Ну а если им удастся наконец раздразнить этот народ, которым они шутят, если наконец поднимется этот великан, поднимется не за тем, чтобы следовать за ними, а затем, чтобы предать их избиению за оскорбление его святыни и царя, которому он непоколебимо верен, одна ли кровь этих фанатиков прольется, будут ли стихийные силы, выступившие из берегов, разбирать виновных и невинных? Петербургское общество знает кому, между прочим, во время пожаров приходилось прятаться от разъяренного народа за полицейскими служителями, кому приходилось менять свое платье, чтобы выйти безопасно на улицу.

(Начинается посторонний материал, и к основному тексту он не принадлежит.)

(* Let $q$ be a prime power, $h\ge 2$ and $v$ integers, and let $\mathcal{S}'$ be a spanning projective $2h$-cylinder in $\mathrm{PG}(v-1,q)$. Let $\mathcal{S}$ be the set of points of $\mathrm{PG}(v-1,q^h)$ obtained by taking, for each point $\langle x\rangle_{\mathbb{F}_q}\in\mathcal{S}'$ (with $x\in\mathbb{F}_q^v\subseteq\mathbb{F}_{q^h}^v$), the point $\langle x\rangle_{\mathbb{F}_{q^h}}$. Then $\mathcal{S}$ is a spanning set of $(q^h)^2$ points in $\mathrm{PG}(v-1,q^h)$ which is $q^h$-divisible but is not a $2$-cylinder (over $\mathbb{F}_{q^h}$).
   Context: For a prime power $Q$, $\mathrm{PG}(v-1,Q)$ is the projective space of $\mathbb{F}_Q^v$; a $k$-space is a $k$-dimensional subspace (points are $1$-spaces, hyperplanes $(v-1)$-spaces). A set $\mathcal{S}$ of points is spanning if its points span $\mathbb{F}_Q^v$, and it is $Q^r$-divisible if $|\mathcal{S}\cap H|\equiv|\mathcal{S}|\pmod{Q^r}$ for every hyperplane $H$. Over $\mathbb{F}_Q$, an $(r+1)$-cylinder is a multiset of $Q^{r+1}$ points which arises as the union (counted with multiplicity) of the point sets $L_1\setminus F,\dots,L_Q\setminus F$, where $L_1,\dots,L_Q$ are $(r+1)$-spaces and $F$ is an $r$-space contained in every $L_i$ ($L_i\setminus F$ denotes the set of points of $L_i$ not in $F$); it is projective if this multiset is a set, and spanning if its points span $\mathbb{F}_Q^v$. Here $\mathbb{F}_q$ is viewed as a subfield of $\mathbb{F}_{q^h}$. *)

(* Projective geometry PG(v-1,F) over a finite field F:
   a k-space of F^v is represented canonically by a square matrix A : 'M[F]_v
   with A = <<A>>%MS (its row space) and \rank A = k; points are 1-spaces. *)
From HB Require Import structures.
From mathcomp Require Import all_boot all_order all_algebra all_field.
Set Implicit Arguments. Unset Strict Implicit. Unset Printing Implicit Defensive.
Import GRing.Theory.
Local Open Scope ring_scope.

Definition is_point (F : fieldType) (v : nat) (P : 'M[F]_v) : bool :=
  (\rank P == 1%N) && (<<P>>%MS == P).

Definition point_set (F : finFieldType) (v : nat) (S : {set 'M[F]_v}) : Prop :=
  forall P, P \in S -> is_point P.

Definition spanning (F : finFieldType) (v : nat) (S : {set 'M[F]_v}) : Prop :=
  \rank (\sum_(P in S) P)%MS = v.

Definition qdivisible (F : finFieldType) (v r : nat) (S : {set 'M[F]_v}) : Prop :=
  forall H : 'M[F]_v, \rank H = v.-1 ->
    #|[set P in S | (P <= H)%MS]| = #|S| %[mod #|F| ^ r].

Definition cylinder_mult (F : finFieldType) (v : nat) (F0 : 'M[F]_v)
  (Ls : 'I_#|F| -> 'M[F]_v) (P : 'M[F]_v) : nat :=
  #|[set i : 'I_#|F| | (P <= Ls i)%MS && ~~ (P <= F0)%MS]|.

(* The set S (as a multiset with multiplicities 0/1) is a k-cylinder,
   k = r+1: there are an r-space F0 and k-spaces L_1..L_Q containing F0
   such that the multiset union of the L_i \ F0 equals S. *)
Definition is_cylinder (F : finFieldType) (v k : nat) (S : {set 'M[F]_v}) : Prop :=
  exists (F0 : 'M[F]_v) (Ls : 'I_#|F| -> 'M[F]_v),
    [/\ \rank F0 = k.-1,
        forall i, \rank (Ls i) = k,
        forall i, (F0 <= Ls i)%MS &
        forall P, is_point P -> cylinder_mult F0 Ls P = (P \in S)].

(* The proof is pure counting in finite vector spaces.
   - Points: a subspace of rank r of F^n contains (|F|^r - 1)/(|F| - 1) points.
   - Cylinders: if S is a k-cylinder (vertex F0, generators L_i), then S meets
     any subspace W in  sum_i [L_i:&:W <> F0:&:W] * q^rank(F0:&:W)  points;
     hence |S| = q^k, |S :&: W| is divisible by q^(k-c) whenever W has
     codimension at most c, and S contains q^(k-1) points of each L_i.
   - Field extension: for X an F_{q^h}-subspace, descent X is the largest
     F_q-subspace whose extension lies in X.  The points of the extended set
     S inside X correspond bijectively to the points of S' inside descent X,
     and descent lowers the rank by at most h times the codimension.
   The theorem follows: hyperplanes of F_{q^h}^v meet S in a multiple of q^h
   points, while a 2-cylinder over F_{q^h} would put q^h points of S on a
   line, which can carry at most q+1 points of the extension of S'. *)
From HB Require Import structures.
From mathcomp Require Import all_boot all_order all_algebra all_field.
From mathcomp Require Import zify.
Import GRing.Theory.
Local Open Scope ring_scope.

Set Implicit Arguments.
Unset Strict Implicit.

Section Points.
Variable F : finFieldType.

Definition points n (A : 'M[F]_n) : {set 'M[F]_n} :=
  [set P | is_point P && (P <= A)%MS].

Lemma card_row_space m n (A : 'M[F]_(m, n)) :
  #|[set x : 'rV[F]_n | (x <= A)%MS]| = (#|F| ^ \rank A)%N.
Proof.
have -> : [set x : 'rV[F]_n | (x <= A)%MS] =
          [set u *m row_base A | u in [set: 'rV[F]_(\rank A)]].
  apply/setP => x; rewrite inE; apply/idP/imsetP.
    by rewrite -(eq_row_base A) => /submxP[u ->]; exists u; rewrite ?inE.
  by move=> [u _ ->]; rewrite -(eq_row_base A) submxMl.
rewrite card_imset; last exact: row_free_inj (row_base_free A).
by rewrite cardsT card_mx mul1n.
Qed.

Lemma is_point_genmx n (x : 'rV[F]_n) : x != 0 -> is_point <<x>>%MS.
Proof. by move=> nz_x; rewrite /is_point mxrank_gen rank_rV nz_x genmx_id !eqxx. Qed.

От петербургских пожаров отрекаются революционные агитаторы, — отрекаются с добродетельным жаром. Но все их отличие от простых поджигателей в том только и состоит, что те поджигают по мелочи, а она en grand. Да наконец, что же было бы следствием их попыток, как не страшный ряд пожаров, которые зажжет этот великан, ища их же, своих самозванных детей, чтоб избить их, и избивая вместе с ними все, что ни попадет ему под руку?
Издатели Колокола, спрашивают нас, какие они люди. Мы сказали. Честными ни в каком случае назвать их нельзя. От бесчестия им одна отговорка — помешательство.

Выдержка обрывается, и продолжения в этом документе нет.